Lalu, ada pula orang muda yang telah mendapatkan pendidikan khusus yang berkaitan mengenai HKSR di perguruan tinggi seperti mata kuliah gender dan seksualitas atau jurusan Kesehatan Masyarakat.  Hingga mereka yang terlibat dalam gerakan memperjuangkan HKSR, seperti SeBAYA Jawa Timur dan Hope Helps.

“Paling tinggi HKSR diakses anak muda yang sudah terlibat komunitas memang,” tegas Coory. 

Riset itu juga menggarisbawahi soal layanan kespro dan seksual di Indonesia yang sampai kini memang masih jadi sebuah kemewahan. Dikarenakan cenderung tidak terjangkau. Terlebih, minimnya alokasi sumber daya memadai sampai angka kemiskinan tinggi memperparah situasi. 

“Kondisi layanan kespro dan seksual bagi orang muda bisa dimengerti melalui 3 kategori akses, tidak ada atau tidak tahu, terbatas, serta ada dan bisa diakses,” katanya. 

Tantangan dan Rekomendasi Menyuarakan HKSR  

Dari 31 partisipan FGD di tiga wilayah, 22 orang atau setara 70% menyatakan bahwa mereka sudah pernah terlibat dalam upaya menyuarakan HKSR. Sedangkan, tujuh orang lainnya, sudah membahas isu HKSR dengan cara peer to peer atau belajar dari sesama teman muda.

Ada pula, tujuh orang responden menyuarakan edukasi HKSR lewat media sosial, sementara delapan lainnya terlibat melalui kegiatan komunitas atau organisasi yang fokus di isu HKSR.
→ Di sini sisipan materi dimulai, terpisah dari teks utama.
(* roots a_1..a_n are indexed by 0..n-1 *)
Definition roots : list R := map ai (seq 0 n).
Definition roots_but (i : nat) : list R :=
  map ai (filter (fun l => negb (Nat.eqb l i)) (seq 0 n)).
Definition roots_but2 (i j : nat) : list R :=
  map ai (filter (fun l => andb (negb (Nat.eqb l i)) (negb (Nat.eqb l j))) (seq 0 n)).

Definition Acoef (k : nat) : R := prodcoef roots k.
Definition sig_i (i m : nat) : R := sigma (roots_but i) m.
Definition sig_ij (i j m : nat) : R := sigma (roots_but2 i j) m.
Definition sig_ij_pred (i j m : nat) : R := sigma_pred (roots_but2 i j) m.

Definition Deltai (i : nat) (a : R) : R := eps i * (a - ai i).

Definition xfun (a : R) : R := rsum 0 n (fun i => xi i / sqrt (Deltai i a)).
Definition xdot (a : R) : R := Derive xfun a.

Definition btil (k : nat) (a : R) : R :=
  (-1) ^ k * rsum 0 n (fun i => xi i / sqrt (Deltai i a) * sig_i i (k - 1)).

Definition ctil (k : nat) (a : R) : R :=
  (-1) ^ (k + 1) / 2 *
  ( rsum 0 n (fun i => xi i ^ 2 / Deltai i a * sig_i i (k - 1))
  + rsum 0 n (fun i => rsum 0 n (fun j =>
      if Nat.eqb i j then 0 else
      xi i * xi j / sqrt (Deltai i a * Deltai j a) *
        (sig_ij i j (k - 1) + a * sig_ij_pred i j (k - 1)))) ).

Definition PiF (a y pa py : R) : R := a / xdot a * pa.
Definition HF (a y pa py : R) : R := (PiF a y pa py) ^ 2 + a * py ^ 2.
Definition PyF (a y pa py : R) : R := py.

Definition GF (a y pa py : R) : R :=
  rsum 0 (S n) (fun k => Acoef (n - k) * (HF a y pa py) ^ (n - k) * py ^ (2 * k)).
Definition Q1F (a y pa py : R) : R :=
  rsum 1 n (fun k => btil k a * (HF a y pa py) ^ (n - k) * PiF a y pa py * py ^ (2 * k - 1)).
Definition Q2F (a y pa py : R) : R :=
  rsum 1 n (fun k => ctil k a * (HF a y pa py) ^ (n - k) * py ^ (2 * k)).

Definition S1F (a y pa py : R) : R := Q1F a y pa py + y * GF a y pa py.
Definition S2F (a y pa py : R) : R :=
  Q2F a y pa py + y * Q1F a y pa py + y ^ 2 / 2 * GF a y pa py.

End Model.

Definition dpart (c : nat) (f : R -> R -> R -> R -> R) (a y pa py : R) : R :=
  match c with
  | 0%nat => Derive (fun t => f t y pa py) a
  | 1%nat => Derive (fun t => f a t pa py) y
  | 2%nat => Derive (fun t => f a y t py) pa
  | _ => Derive (fun t => f a y pa t) py
  end.

Definition pbracket (f g : R -> R -> R -> R -> R) (a y pa py : R) : R :=
  dpart 0 f a y pa py * dpart 2 g a y pa py - dpart 2 f a y pa py * dpart 0 g a y pa py
  + dpart 1 f a y pa py * dpart 3 g a y pa py - dpart 3 f a y pa py * dpart 1 g a y pa py.

Definition det3 (m11 m12 m13 m21 m22 m23 m31 m32 m33 : R) : R :=
  m11 * (m22 * m33 - m23 * m32) - m12 * (m21 * m33 - m23 * m31)
  + m13 * (m21 * m32 - m22 * m31).

(* component of df /\ dg /\ dh on d x^i /\ d x^j /\ d x^k *)
Definition wedge3_comp (f g h : R -> R -> R -> R -> R) (i j k : nat) (a y pa py : R) : R :=
  det3 (dpart i f a y pa py) (dpart j f a y pa py) (dpart k f a y pa py)
       (dpart i g a y pa py) (dpart j g a y pa py) (dpart k g a y pa py)
       (dpart i h a y pa py) (dpart j h a y pa py) (dpart k h a y pa py).

(* functional independence on M = I x R : the 3-form df/\dg/\dh does not vanish
   identically on T*M, i.e. some coordinate component is nonzero at some point *)
Definition func_indep (I : R -> Prop) (f g h : R -> R -> R -> R -> R) : Prop :=
  exists a y pa py, I a /\
    exists i j k, (i < j)%nat /\ (j < k)%nat /\ (k < 4)%nat /\
      wedge3_comp f g h i j k a y pa py <> 0.

(* Write Pi = r(a) P_a with r = a / xdot. On functions of (a, P_a, P_y) the bracket {H, .}
   is a derivation with {H, H} = 0, {H, Pi} = r P_y^2 and {H, beta(a)} = -2 r beta' Pi, while
   {H, y} = -2 a P_y. Hence {H, G} = 0, and the identities {H, Q1} = 2 a P_y G and
   {H, Q2} = 2 a P_y Q1 are exactly what the y-terms of S1 and S2 need. The first follows by
   Abel summation from b_k + 2 a b_k' - 2 b_(k+1)' = 2 xdot A_(n-k), the second from
   c~_k' = - xdot b~_k; both are coefficient identities for
   F(z) = (z - a_i) prod_(l <> i) (z - a_l), combined with (a - a_i) f_i' = - f_i / 2 for
   f_i = xi_i / sqrt Delta_i. Independence is read off at P_y = 0, where dH /\ dP_y /\ dS has
   the nonzero component dH/dP_a * dS/dy = 2 r^2 H^n. *)

From Stdlib Require Import Reals List Arith Lra Lia Permutation.
From Coquelicot Require Import Coquelicot.
Open Scope R_scope.

Lemma rsum_cons m len f : rsum m (S len) f = f m + rsum (S m) len f.
Proof. reflexivity. Qed.

Lemma rsum_snoc m len f : rsum m (S len) f = rsum m len f + f (m + len)%nat.
Proof.
  revert m; induction len as [|len IH]; intro m.
  - unfold rsum; simpl; rewrite Nat.add_0_r; ring.
  - rewrite rsum_cons, IH, rsum_cons, Nat.add_succ_comm; ring.
Qed.

Lemma rsum_ext m len f g :
  (forall k, (m <= k < m + len)%nat -> f k = g k) -> rsum m len f = rsum m len g.
Proof.
  revert m; induction len as [|len IH]; intros m Hfg; [reflexivity|].
  rewrite !rsum_cons, (Hfg m), (IH (S m)); [reflexivity| |lia].
  intros; apply Hfg; lia.
Qed.

Lemma rsum_plus m len f g :
  rsum m len (fun k => f k + g k) = rsum m len f + rsum m len g.
Proof.
  revert m; induction len as [|len IH]; intro m; [unfold rsum; simpl; ring|].
  rewrite !rsum_cons, IH; ring.
Qed.

Lemma rsum_scal m len c f : rsum m len (fun k => c * f k) = c * rsum m len f.
Proof.
  revert m; induction len as [|len IH]; intro m; [unfold rsum; simpl; ring|].
  rewrite !rsum_cons, IH; ring.
Qed.

Lemma rsum_eq0 m len f : (forall k, (m <= k < m + len)%nat -> f k = 0) -> rsum m len f = 0.
Proof.
  intro Hf; rewrite (rsum_ext m len f (fun _ => 0 * 0)), rsum_scal; [ring|].
  intros; rewrite Hf; [ring|assumption].
Qed.

Lemma rsum_shift m len f : rsum (S m) len f = rsum m len (fun k => f (S k)).
Proof.
  revert m; induction len as [|len IH]; intro m; [reflexivity|].
  rewrite !rsum_cons, IH; reflexivity.
Qed.

Lemma rsum_mul m len f g :
  rsum m len f * rsum m len g = rsum m len (fun i => rsum m len (fun j => f i * g j)).
Proof.
  rewrite Rmult_comm, <- rsum_scal; apply rsum_ext; intros.
  rewrite Rmult_comm, <- rsum_scal; apply rsum_ext; intros; ring.
Qed.

Lemma rsum_swap n F :
  rsum 0 n (fun i => rsum 0 n (fun j => F i j)) = rsum 0 n (fun j => rsum 0 n (fun i => F i j)).
Proof.
  induction n as [|n IH]; [reflexivity|].
  rewrite !rsum_snoc, (rsum_ext 0 n _ (fun i => rsum 0 n (fun j => F i j) + F i n)),
    (rsum_ext 0 n (fun j => rsum 0 (S n) (fun i => F i j)) (fun j => rsum 0 n (fun i => F i j) + F n j)),
    !rsum_plus, IH by (intros; apply rsum_snoc).
  simpl Nat.add; change (rsum 0 n (F n)) with (rsum 0 n (fun j => F n j)); ring.
Qed.

Lemma rsum_delta n i v :
  (i < n)%nat -> rsum 0 n (fun j => if Nat.eqb i j then v j else 0) = v i.
Proof.
  induction n as [|n IH]; intro Hi; [lia|].
  rewrite rsum_snoc; simpl.
  destruct (Nat.eq_dec i n) as [->|Hin].
  - rewrite Nat.eqb_refl, rsum_eq0; [ring|].
    intros k Hk; destruct (Nat.eqb_spec n k); [lia|reflexivity].
  - rewrite IH by lia; destruct (Nat.eqb_spec i n); [lia|ring].
Qed.

Lemma rsum_diag_offdiag n g :
  rsum 0 n (fun i => g i i) + rsum 0 n (fun i => rsum 0 n (fun j => if Nat.eqb i j then 0 else g i j))
  = rsum 0 n (fun i => rsum 0 n (fun j => g i j)).
Proof.
  rewrite <- rsum_plus; apply rsum_ext; intros i Hi.
  rewrite <- (rsum_delta n i (g i)) at 1 by lia.
  rewrite <- rsum_plus; apply rsum_ext; intros j _.
  destruct (Nat.eqb i j); ring.
Qed.

Lemma rsum_offdiag_swap n g :
  rsum 0 n (fun i => rsum 0 n (fun j => if Nat.eqb i j then 0 else g j i))
  = rsum 0 n (fun i => rsum 0 n (fun j => if Nat.eqb i j then 0 else g i j)).
Proof.
  rewrite rsum_swap; apply rsum_ext; intros i _; apply rsum_ext; intros j _.
  rewrite Nat.eqb_sym; reflexivity.
Qed.

Lemma is_derive_rsum m len (F : nat -> R -> R) (dF : nat -> R) x :
  (forall k, (m <= k < m + len)%nat -> is_derive (F k) x (dF k)) ->
  is_derive (fun t => rsum m len (fun k => F k t)) x (rsum m len dF).
Proof.
  revert m; induction len as [|len IH]; intros m HF.
  - apply (is_derive_const (0 : R) x).
  - apply (is_derive_ext (fun t => F m t + rsum (S m) len (fun k => F k t))); [reflexivity|].
    apply @is_derive_plus; [apply HF; lia|apply IH; intros; apply HF; lia].
Qed.

Lemma is_derive_mult_const (f : R -> R) c x l :
  is_derive f x l -> is_derive (fun t => f t * c) x (l * c).
Proof. exact (fun Hf => is_derive_scal_l f x l c Hf). Qed.

Lemma prodcoef_high l k : (length l < k)%nat -> prodcoef l k = 0.
Proof.
  revert k; induction l as [|c l IH]; intros [|k] Hk; simpl in *; try lia; [reflexivity|].
  rewrite !IH by lia; ring.
Qed.

Lemma prodcoef_top l : prodcoef l (length l) = 1.
Proof. induction l as [|c l IH]; simpl; [reflexivity|]. rewrite IH, prodcoef_high by lia; ring. Qed.

Lemma prodcoef_perm l l' : Permutation l l' -> forall k, prodcoef l k = prodcoef l' k.
Proof.
  induction 1 as [|x l l' _ IH|x y l|l l' l'' _ IH1 _ IH2]; intro k.
  - reflexivity.
  - destruct k; simpl; rewrite !IH; reflexivity.
  - destruct k as [|[|k]]; simpl; ring.
  - rewrite IH1; apply IH2.
Qed.

Lemma sigma_perm l l' : Permutation l l' -> forall m, sigma l m = sigma l' m.
Proof.
  intros Hp m; unfold sigma; rewrite (Permutation_length Hp), (prodcoef_perm _ _ Hp); reflexivity.
Qed.

Lemma sigma_high l m : (length l < m)%nat -> sigma l m = 0.
Proof. intro Hm; unfold sigma; destruct (Nat.leb_spec m (length l)); [lia|reflexivity]. Qed.

Lemma prodcoef_sigma l k :
  (k <= length l)%nat -> prodcoef l (length l - k) = (-1) ^ k * sigma l k.
Proof.
  intro Hk; unfold sigma; destruct (Nat.leb_spec k (length l)); [|lia].
  rewrite <- Rmult_assoc, <- pow_add.
  replace (k + k)%nat with (2 * k)%nat by lia; rewrite pow_1_even; ring.
Qed.

Lemma sigma_cons c l m : sigma (c :: l) m = sigma l m + c * sigma_pred l m.
Proof.
  destruct (Nat.leb_spec m (S (length l))) as [Hm|Hm].
  2: { rewrite !sigma_high by (simpl; lia); destruct m; [lia|]; simpl; rewrite sigma_high by lia; ring. }
  apply (Rmult_eq_reg_l ((-1) ^ m)); [|apply pow_nonzero; lra].
  rewrite <- prodcoef_sigma by exact Hm.
  destruct m as [|m]; simpl sigma_pred.
  - unfold sigma; simpl; rewrite Nat.sub_0_r, prodcoef_top, prodcoef_high by lia; ring.
  - simpl length; replace (S (length l) - S m)%nat with (length l - m)%nat by lia.
    destruct (Nat.eq_dec m (length l)) as [->|Hml].
    + rewrite Nat.sub_diag, sigma_high by lia; simpl.
      rewrite <- (Nat.sub_diag (length l)), prodcoef_sigma by lia; simpl; ring.
    + replace (length l - m)%nat with (S (length l - S m)) by lia; simpl.
      replace (S (length l - S m)) with (length l - m)%nat by lia.
      rewrite !prodcoef_sigma by lia; simpl; ring.
Qed.

Lemma perm_filter_out (i : nat) l :
  NoDup l -> In i l -> Permutation l (i :: filter (fun x => negb (Nat.eqb x i)) l).
Proof.
  induction l as [|x l IH]; intros Hnd Hin; [destruct Hin|].
  inversion Hnd as [|? ? Hx Hnd']; subst; simpl.
  destruct (Nat.eqb_spec x i) as [->|Hxi]; simpl.
  - rewrite forallb_filter_id; [reflexivity|].
    apply forallb_forall; intros y Hy.
    destruct (Nat.eqb_spec y i); [subst; contradiction|reflexivity].
  - destruct Hin as [Hin|Hin]; [congruence|].
    eapply perm_trans; [apply perm_skip, IH; assumption|apply perm_swap].
Qed.

Lemma filter_filter_andb {A} (p q : A -> bool) l :
  filter q (filter p l) = filter (fun x => andb (p x) (q x)) l.
Proof.
  induction l as [|x l IH]; simpl; [reflexivity|].
  destruct (p x); simpl; [destruct (q x); simpl|]; rewrite IH; reflexivity.
Qed.

Section Roots.
Variables (n : nat) (ai : nat -> R).

Lemma roots_perm i : (i < n)%nat -> Permutation (roots n ai) (ai i :: roots_but n ai i).
Proof.
  intro Hi; apply (Permutation_map ai (l' := i :: _)), perm_filter_out;
    [apply seq_NoDup|apply in_seq; lia].
Qed.

Lemma roots_but_perm i j : (j < n)%nat -> i <> j ->
  Permutation (roots_but n ai i) (ai j :: roots_but2 n ai i j).
Proof.
  intros Hj Hij; unfold roots_but2; rewrite <- filter_filter_andb.
  apply (Permutation_map ai (l' := j :: _)), perm_filter_out;
    [apply NoDup_filter, seq_NoDup|].
  apply filter_In; split; [apply in_seq; lia|].
  destruct (Nat.eqb_spec j i); [lia|reflexivity].
Qed.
Sementara itu, sembilan orang menyatakan bahwa mereka belum pernah terlibat dalam upaya menyuarakan HKSR. Mereka yang belum menyuarakan mengatakan bahwa ada rasa takut akan stigma negatif terhadap isu HKSR dan keraguan akan pengetahuan yang sudah mereka miliki sebagai orang muda. 

Ini senada dengan studi dasar yang dilakukan oleh Puskagenseks UI untuk RHRN 2, dimana sebanyak 30,33% responden survei menyatakan bahwa mereka merasa ‘malu’ ketika mencari informasi terkait HKSR, apalagi untuk terlibat dalam gerakan HKSR.
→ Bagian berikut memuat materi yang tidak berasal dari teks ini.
Definition depth (y : X) : nat :=
  match excluded_middle_informative (reach y) with
  | left H => proj1_sig (constructive_indefinite_description _ (ex_least_nat _ H))
  | right _ => 0
  end.

Lemma depth_spec y : reach y -> within (depth y) y /\ forall m, within m y -> depth y <= m.
Proof.
  intros H; unfold depth; destruct excluded_middle_informative as [H'|]; [|contradiction].
  destruct constructive_indefinite_description as [n Hn]; exact Hn.
Qed.

Lemma reach_root : reach root.
Proof. now exists 0. Qed.

Lemma depth_root : depth root = 0.
Proof. destruct (depth_spec root reach_root) as [_ H]. specialize (H 0 eq_refl); lia. Qed.

Lemma depth0 y : reach y -> depth y = 0 -> y = root.
Proof. intros H H0. destruct (depth_spec y H) as [Hy _]. now rewrite H0 in Hy. Qed.

Lemma reach_nb x y : reach x -> In y (nb x) -> reach y /\ depth y <= S (depth x).
Proof.
  intros Hx Hy. destruct (depth_spec x Hx) as [Hwx _].
  assert (Hwy : within (S (depth x)) y) by (simpl; eauto).
  assert (Ry : reach y) by (exists (S (depth x)); exact Hwy).
  split; [exact Ry|]. exact (proj2 (depth_spec y Ry) _ Hwy).
Qed.

Lemma ex_parent y : reach y -> y <> root -> exists x, within (depth y - 1) x /\ In y (nb x).
Proof.
  intros H Hr. destruct (depth_spec y H) as [Hw Hmin].
  destruct (depth y) as [|k]; simpl in Hw; [contradiction|].
  destruct Hw as [Hw|Hw]; [specialize (Hmin _ Hw); lia|].
  now replace (S k - 1) with k by lia.
Qed.

Definition parent (y : X) : X :=
  match excluded_middle_informative (reach y /\ y <> root) with
  | left H => proj1_sig (constructive_indefinite_description _ (ex_parent y (proj1 H) (proj2 H)))
  | right _ => root
  end.

Lemma parent_spec y : reach y -> y <> root ->
  reach (parent y) /\ In y (nb (parent y)) /\ depth y = S (depth (parent y)).
Proof.
  intros H Hr. unfold parent. destruct excluded_middle_informative as [H'|]; [|tauto].
  destruct constructive_indefinite_description as [x [Hx Hyx]]; simpl.
  assert (Rx : reach x) by (eexists; eauto).
  destruct (reach_nb x y Rx Hyx) as [_ Hle].
  destruct (depth_spec x Rx) as [_ Hmin]. specialize (Hmin _ Hx).
  assert (depth y <> 0) by (intro E; apply Hr, depth0; auto).
  repeat split; auto; lia.
Qed.

Definition ancestor (k : nat) (u : X) : X := Nat.iter k parent u.

Lemma ancestor_spec u k : reach u -> k <= depth u ->
  reach (ancestor k u) /\ depth (ancestor k u) = depth u - k.
Proof.
  intros Hu. induction k as [|k IH]; intros Hk; [simpl; split; auto; lia|].
  destruct IH as [Ha Hd]; [lia|].
  assert (ancestor k u <> root) by (intro E; rewrite E, depth_root in Hd; lia).
  destruct (parent_spec _ Ha H) as [Hp [_ Hdp]].
  change (ancestor (S k) u) with (parent (ancestor k u)). split; auto; lia.
Qed.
“Dalam FGD riset ini, kami menemukan bahwa orang muda, baik yang belum atau sudah terlibat menyuarakan HKSR, menghadapi banyak tantangan. Faktor yang menjadi penghalang orang muda menyuarakan HKSR ada dalam beberapa wujud dan datang dari beberapa lapisan, yaitu personal, privat, publik, dan institusional,” kata Coory. 

Maka dari itu, pihaknya memberikan rekomendasi untuk mendukung orang muda menyuarakan HKSR. Di antaranya, di lingkup personal, mitra dapat membantu orang muda meningkatkan kemampuan intrapersonal seperti membangun kepercayaan diri, pengetahuan, dan penguatan potensi diri.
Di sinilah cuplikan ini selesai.